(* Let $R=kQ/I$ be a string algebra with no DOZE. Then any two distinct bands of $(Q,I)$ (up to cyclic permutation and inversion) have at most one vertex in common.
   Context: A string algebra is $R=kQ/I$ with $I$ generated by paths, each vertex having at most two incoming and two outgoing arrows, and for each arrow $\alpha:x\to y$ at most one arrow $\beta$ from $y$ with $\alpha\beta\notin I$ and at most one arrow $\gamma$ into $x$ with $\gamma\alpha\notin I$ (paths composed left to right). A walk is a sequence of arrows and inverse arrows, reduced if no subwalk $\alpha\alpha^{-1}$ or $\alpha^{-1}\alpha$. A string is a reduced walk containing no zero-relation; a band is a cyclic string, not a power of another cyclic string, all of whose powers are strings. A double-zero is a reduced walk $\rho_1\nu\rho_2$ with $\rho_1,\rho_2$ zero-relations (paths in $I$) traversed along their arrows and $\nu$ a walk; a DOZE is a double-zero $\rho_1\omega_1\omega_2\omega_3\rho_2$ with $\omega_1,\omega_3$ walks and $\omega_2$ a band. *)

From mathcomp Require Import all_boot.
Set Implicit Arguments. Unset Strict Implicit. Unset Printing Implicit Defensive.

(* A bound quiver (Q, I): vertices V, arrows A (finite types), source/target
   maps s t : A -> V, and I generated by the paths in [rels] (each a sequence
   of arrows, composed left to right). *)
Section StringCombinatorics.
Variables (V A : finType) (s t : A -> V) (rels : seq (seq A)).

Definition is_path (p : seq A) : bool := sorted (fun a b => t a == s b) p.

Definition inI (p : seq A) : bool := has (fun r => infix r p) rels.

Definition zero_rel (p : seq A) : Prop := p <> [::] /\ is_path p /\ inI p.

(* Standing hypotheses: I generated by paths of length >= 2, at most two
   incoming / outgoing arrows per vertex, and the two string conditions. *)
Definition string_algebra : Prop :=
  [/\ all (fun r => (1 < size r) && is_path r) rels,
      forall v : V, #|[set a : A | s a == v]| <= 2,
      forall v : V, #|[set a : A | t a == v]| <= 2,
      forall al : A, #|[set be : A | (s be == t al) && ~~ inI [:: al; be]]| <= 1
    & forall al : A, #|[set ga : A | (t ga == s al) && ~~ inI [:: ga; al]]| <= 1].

*Problem description*: Only the lines from the opening of the material through the line with "Set Implicit Arguments." should be echoed, exactly as written.

*Response below*:
(* Let $R=kQ/I$ be a string algebra with no DOZE. Then any two distinct bands of $(Q,I)$ (up to cyclic permutation and inversion) have at most one vertex in common.
   Context: A string algebra is $R=kQ/I$ with $I$ generated by paths, each vertex having at most two incoming and two outgoing arrows, and for each arrow $\alpha:x\to y$ at most one arrow $\beta$ from $y$ with $\alpha\beta\notin I$ and at most one arrow $\gamma$ into $x$ with $\gamma\alpha\notin I$ (paths composed left to right). A walk is a sequence of arrows and inverse arrows, reduced if no subwalk $\alpha\alpha^{-1}$ or $\alpha^{-1}\alpha$. A string is a reduced walk containing no zero-relation; a band is a cyclic string, not a power of another cyclic string, all of whose powers are strings. A double-zero is a reduced walk $\rho_1\nu\rho_2$ with $\rho_1,\rho_2$ zero-relations (paths in $I$) traversed along their arrows and $\nu$ a walk; a DOZE is a double-zero $\rho_1\omega_1\omega_2\omega_3\rho_2$ with $\omega_1,\omega_3$ walks and $\omega_2$ a band. *)

From mathcomp Require Import all_boot.
Set Implicit Arguments. Unset Strict Implicit. Unset Printing Implicit Defensive.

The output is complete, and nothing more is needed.